The King lowered his voice. “So you see,” he said with a wry smile, “here is where the Patternstone comes in. It’s magic restores hope to the people and reminds them of the patterns for worship and festivity –for kingdom and culture. These patterns were given by God in ancient times and we are prone to forget them. When you take the Patternstone on pilgrimage, you will find that other kingdoms have not remembered these patterns the way we have here in Adelphia. They have been lost and forgotten in personal greed and corruption. No time set aside for worship and festivity. Your task is to remind them of the patterns. Send them to Adelphia if they want instruction.”
The companions sat in silence. Queen Lydia was smiling. She made a gesture with her hand and the fiddler began playing a soft tune. The King began to chant. Our companions remembered it from the Council:
“From whence derives these patterns?
From whence, this use of time?
From heaven’s throne
to call our own
reflected in the Patternstone.
Ancient builders made them known.
‘ere hammers rang to chime.”
King Titus continued, making up verses the children had not heard before:
“What then becomes the mission?
What then becomes the task?
To live the patterns in the stone.
Through weariness of back and bone,
To show them and to make them known,
but slowly grown,
within, till on the surface shown
for those who think to ask.
The road to other kingdoms,
to those of North and South.
In company of caring souls,
avoiding dragons, beasts and trolls,
deeping pitfalls, deeping holes,
not heaping coals,
but spreading word-of-mouth.
Its fraught with dangers great and small,
yet still the call to go.
Now hear the call,
with traveling shawl,
ambling over mountains tall,
helpful to the weak and small,
though progress may be slow.”
When the king ended his chant, the companions found themselves staring at reflections, candles and the hearth fire. The call to adventure was in their bones yet they knew the first priority was for their bones to rest. “May your sleep be sweet,” said the King with a wink.

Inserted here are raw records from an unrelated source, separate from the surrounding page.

(* By the theorem of the alternative, either some
   nonzero nonnegative weight satisfies all gain rows (normalise it), or
   some nonnegative combination of the rows is negative at every profile,
   which the orthogonal product weight rules out. *)
Lemma ce_exists : exists x : dist R S, inCE u [set: 'I_n] x.
Proof.
case: (transposition_fin ce_gain) => [[v [v0 [s1 vs1] gain_v]]|[y y0 neg]].
- pose V := \sum_s v s.
  have V_gt0 : 0 < V.
    by rewrite /V (bigD1 s1) //=; apply: ltr_pwDl => //; exact: sumr_ge0.
  exists (fun s => v s / V); split; first split.
  + by move=> s; apply: divr_ge0 => //; exact: ltW.
  + by rewrite -mulr_suml divff // gt_eqF.
  move=> p _ a b _; have := gain_v (Tagged devPair (a, b)); rewrite ce_gain_sum.
  move=> gain_ab; rewrite (eq_bigr (fun s => V^-1 * (v s * (u p s - u p (dev s b))))).
    by rewrite -mulr_sumr; apply: mulr_ge0 => //; rewrite invr_ge0 ltW.
  by move=> s _; rewrite mulrAC mulrC.
- have [w [w0 [s ws] orth]] := gain_rows_orthogonal y0.
  suff : \sum_t w t * \sum_r y r * ce_gain r t < 0 by rewrite orth ltxx.
  rewrite (bigD1 s) //=.
  have at_s : w s * \sum_r y r * ce_gain r s < 0 by rewrite pmulr_rlt0.
  have elsewhere : \sum_(t | t != s) w t * \sum_r y r * ce_gain r t <= 0.
    by apply: sumr_le0 => t _; apply: mulr_ge0_le0 => //; exact: ltW.
  lra.
Qed.

End CorrelatedEquilibriumExistence.

Section Runs.
Variables (R : realFieldType) (n : nat) (S : 'I_n -> finType).
Variables (A : oracleAlg R S) (O : oracle R S).

Lemma size_runAlg k : size (runAlg A O k) = k.
Proof. by elim: k => //= k IH; rewrite size_rcons IH. Qed.

Lemma nth_runAlg i k : (i < k)%N ->
  nth (@dist0 R n S) (runAlg A O k) i = ask O (runAlg A O i) (alg_step A (runAlg A O i)).
Proof.
elim: k => // k IH; rewrite ltnS leq_eqVlt => /orP[/eqP ->|lt].
  by rewrite /= nth_rcons size_runAlg ltnn eqxx.
by rewrite /= nth_rcons size_runAlg lt IH.
Qed.

End Runs.

Lemma inCE_sub (R : realFieldType) (n : nat) (S : 'I_n -> finType)
  (u : 'I_n -> prof S -> R) (P Q : {set 'I_n}) (x : dist R S) :
  Q \subset P -> inCE u P x -> inCE u Q x.
Proof. by move=> sQP [dx ce]; split=> // p pQ; apply: ce; exact: (subsetP sQP). Qed.

Section SCEbyOracle.
Variables (R : realFieldType) (n : nat) (S : 'I_n -> finType).
Variables (u : 'I_n -> prof S -> R) (L : {set 'I_n}).

Definition leader_optimal (m z : dist R S) : Prop :=
  [/\ inCE u (~: L) z, forall p, p \in L -> eu u p m <= eu u p z &
      forall y, inCE u (~: L) y -> (forall p, p \in L -> eu u p m <= eu u p y) ->
        \sum_(p in L) eu u p y <= \sum_(p in L) eu u p z].

(* The family that plays z at the root and the full CE m everywhere else is
   an SCE-PA: deviations of leaders from the root only lead to m, and a
   Pareto improvement on z at the root would contradict leader-optimality. *)
Lemma sce_pa_of_leader_optimal (X : seq 'I_n -> dist R S) (m z : dist R S) :
  inCE u [set: 'I_n] m -> leader_optimal m z ->
  X [::] = z -> (forall pi, pi != [::] -> X pi = m) -> SCE_PA u L X.
Proof.
move=> m_ce [z_ce z_stable z_opt] X0 Xm.
have X_rcons pi p : X (rcons pi p) = m by apply: Xm; case: pi.
split.
  split=> [pi _|pi _ p pL _]; last first.
    by rewrite X_rcons; case: (eqVneq pi [::]) => [->|/Xm ->]; rewrite ?X0 ?lexx ?z_stable.
  case: (eqVneq pi [::]) => [->|/Xm ->]; last by apply: inCE_sub m_ce; exact: subsetT.
  by rewrite X0; apply: inCE_sub z_ce; apply/subsetP => p; rewrite !inE.
move=> [X' [[X'_in _] [X'_ge [p0 [p0L X'_gt]]]]]; rewrite X0 in X'_ge X'_gt.
have X'_ce : inCE u (~: L) (X' [::]).
  have root_ord : ordSub L [::] by split=> // p; rewrite in_nil.
  by apply: inCE_sub (X'_in [::] root_ord); apply/subsetP => p; rewrite !inE.
have := z_opt _ X'_ce (fun p pL => le_trans (z_stable p pL) (X'_ge p pL)).
rewrite (bigD1 p0) //= [X in _ <= X](bigD1 p0) //=.
have : \sum_(p in L | p != p0) eu u p z <= \sum_(p in L | p != p0) eu u p (X' [::]).
  by apply: ler_sum => p /andP[pL _]; exact: X'_ge.
lra.
Qed.

Lemma leader_optimal_no_leaders (m : dist R S) :
  L = set0 -> inCE u [set: 'I_n] m -> leader_optimal m m.
Proof.
rewrite /leader_optimal => L0 m_ce; rewrite L0.
by split=> [|p|y _ _]; rewrite ?setC0 ?inE ?big_set0.
Qed.

End SCEbyOracle.

Lemma coef_bool_bound (R : realFieldType) (b : bool) : -1 <= (b%:R : R) <= 1.
Proof. by case: b; rewrite /= ?lexx ?lerN10 ?ler01 ?andbT // (le_trans (lerN10 _)). Qed.

Section StabilityOracle.
Variables (R : realFieldType) (n : nat) (S : 'I_n -> finType).
Variables (u : 'I_n -> prof S -> R) (O : oracle R S).
Hypothesis O_stab : stabilityOracle u O.

Lemma oracleObj_indicator (L : {set 'I_n}) (y : dist R S) :
  oracleObj u (fun p => (p \in L)%:R) y = \sum_(p in L) eu u p y.
Proof.
rewrite /oracleObj [RHS]big_mkcond /=; apply: eq_bigr => p _.
case: (p \in L); last by apply: big1 => s _; rewrite !mul0r.
by apply: eq_bigr => s _; rewrite mul1r mulrC.
Qed.

Lemma oracle_ce (xs : 'I_n -> dist R S) : (forall p, 0 < #|S p|)%N ->
  inCE u [set: 'I_n] (O (fun _ => 0) set0 set0 xs).
Proof.
move=> S_ne; have [e e_ce] := ce_exists u S_ne.
have no_xs p : p \in set0 -> isDist (xs p) by rewrite inE.
have feasible : exists x, oracleFeasible u set0 set0 xs x.
  by exists e; split=> [|p]; [exact: inCE_sub (subsetT _) e_ce | rewrite inE].
have [[ce _] _] := O_stab (fun=> coef_bool_bound R false) (sub0set _) no_xs feasible.
by rewrite -setC0.
Qed.

(* Maximising the leaders' welfare over the followers' CE subject to every
   leader doing at least as well as under the full CE m yields a
   leader-optimal improvement on m (m itself makes the query feasible). *)
Lemma oracle_leader_optimal (L : {set 'I_n}) (m : dist R S) :
  inCE u [set: 'I_n] m ->
  leader_optimal u L m (O (fun p => (p \in L)%:R) L L (fun _ => m)).
Proof.
move=> m_ce; have m_dist p : p \in L -> isDist m by case: m_ce.
have feasible : exists x, oracleFeasible u L L (fun _ => m) x.
  by exists m; split=> [|p _]; [exact: inCE_sub (subsetT _) m_ce | exact: lexx].
have [[z_ce z_ge] z_max] :=
  O_stab (fun p => coef_bool_bound R (p \in L)) (subxx L) m_dist feasible.
by split=> // y y_ce y_ge; rewrite -!oracleObj_indicator; exact: z_max.
Qed.
End StabilityOracle.

Section Algorithm.
Variables (R : realFieldType) (n : nat) (S : 'I_n -> finType) (L : {set 'I_n}).

Definition ce_query : query R n := Query (fun _ => 0) set0 set0 (fun _ => 0%N).

Definition leader_query : query R n :=
  Query (fun p => (p \in L)%:R) L L (fun _ => 0%N).

Definition sce_alg : oracleAlg R S :=
  OracleAlg (fun a => if a is [::] then ce_query else leader_query)
            (fun _ pi => if pi is [::] then #|L| else 0%N).

Lemma sce_alg_legal : legalAlg sce_alg #|L|.+1.
Proof.
split=> [[|x a] _ /=|a _ pi /=]; last by case: pi.
  split=> [p|]; first exact: (coef_bool_bound R false).
  by rewrite sub0set; split=> // p; rewrite inE.
by split=> [p|]; [exact: coef_bool_bound | split].
Qed.

Lemma sce_alg_first_answer (O : oracle R S) k : (0 < k)%N ->
  nth (@dist0 R n S) (runAlg sce_alg O k) 0 = O (fun _ => 0) set0 set0 (fun _ => @dist0 R n S).
Proof. by move=> k_gt0; rewrite nth_runAlg. Qed.

Lemma sce_alg_later_answer (O : oracle R S) k i : (0 < i < k)%N ->
  nth (@dist0 R n S) (runAlg sce_alg O k) i =
  O (fun p => (p \in L)%:R) L L (fun _ => nth (@dist0 R n S) (runAlg sce_alg O k) 0).
Proof.
case/andP=> i_gt0 i_lt_k; rewrite nth_runAlg //.
have same_first : nth (@dist0 R n S) (runAlg sce_alg O i) 0 =
                  nth (@dist0 R n S) (runAlg sce_alg O k) 0.
  by rewrite !nth_runAlg // (ltn_trans i_gt0).
have := size_runAlg sce_alg O i.
case: (runAlg sce_alg O i) same_first => [_ /= i0|x a' /= -> _].
  by move: i_gt0; rewrite -i0.
by rewrite /ask.
Qed.
End Algorithm.

Theorem theorem4 (R : realFieldType) (n : nat) (S : 'I_n -> finType)
  (u : 'I_n -> prof S -> R) (L : {set 'I_n})
  (HS : forall p : 'I_n, (0 < #|S p|)%N) :
  exists A : oracleAlg R S,
    legalAlg A #|L|.+1 /\
    forall O : oracle R S, stabilityOracle u O ->
      SCE_PA u L (algOutput A O #|L|.+1).
Proof.
exists (sce_alg R S L); split; first exact: sce_alg_legal.
move=> O O_stab; set answers := runAlg (sce_alg R S L) O #|L|.+1.
pose m := nth (@dist0 R n S) answers 0.
pose z := nth (@dist0 R n S) answers #|L|.
have m_ce : inCE u [set: 'I_n] m.
  by rewrite /m sce_alg_first_answer //; exact: (oracle_ce O_stab).
have z_opt : leader_optimal u L m z.
  have [L_empty|L_gt0] := posnP #|L|.
    by rewrite /z L_empty; apply: leader_optimal_no_leaders m_ce; exact/cards0_eq.
  rewrite /z sce_alg_later_answer; last by rewrite L_gt0 ltnSn.
  exact: (oracle_leader_optimal O_stab L m_ce).
by apply: (sce_pa_of_leader_optimal m_ce z_opt) => // -[|p pi].
Qed.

The companions got up and had started toward the large double doors, when Twombly came breathlessly into the dining hall leading Scrapper. The dog looked very forlorn and tired. His shaggy fur was matted and dirty. He walked straight up to Malachi and spat the scrap of paper at his feet.
“Now you guys will understand how he got his name,” said Malachi. “He brings scraps like this one.” By now everyone in the hall had gathered around the dog, and Malachi read the message, “”D in pipe at river 2 bl E. from Market Way. Bring 10+ men armed. Rasha +3 men bad.”
“I am saddened by this,” said the King. “I have suspected for some time that Rasha may have had foul connections. Give the dog something to drink!”
The dog gratefully lapped up a bowl full of water and another bowl of beef stew which Molly brought out from the kitchen. “Good boy,” said Molly.
“Twombly, take ten guards and follow the dog. There is something afoot.”
Malachi wasn’t sure if the Palace guards knew how to use Scrapper to his full potential. He felt shyness overwhelm him to the point where he wasn’t going to say anything. But then Mercy touched his shoulder and whispered, “tell the King you’ve been training with Scrapper.”
“I’m too chicken,” Malachi whispered back.
Mercy took the initiative. “Your Majesty!” she said loudly with a deep courtesy.
Luckily, the guards had not yet been discharged. The king knew that every minute counted for Duman. But Mercy had begun to win his trust. “Speak quickly, Miss Mercy,” he said.
“Sire,” she replied, “who here is familiar with Scrapper’s tracking methods?” The guards remained silent.
“There is none but Duman and Listener,” replied the king.
Mercy gave Malachi a look that said ‘speak up’.
Malachi came forth and knelt. “Rise,” said Titus. “Duman has been training me with Scrapper,” said Malachi. “He goes one block ahead and keeps you from being seen first.”
“Twombly, take the boy, but only halfway to the river. Send him back with Brego and escort him to bed.” Titus looked meaningfully at Malachi.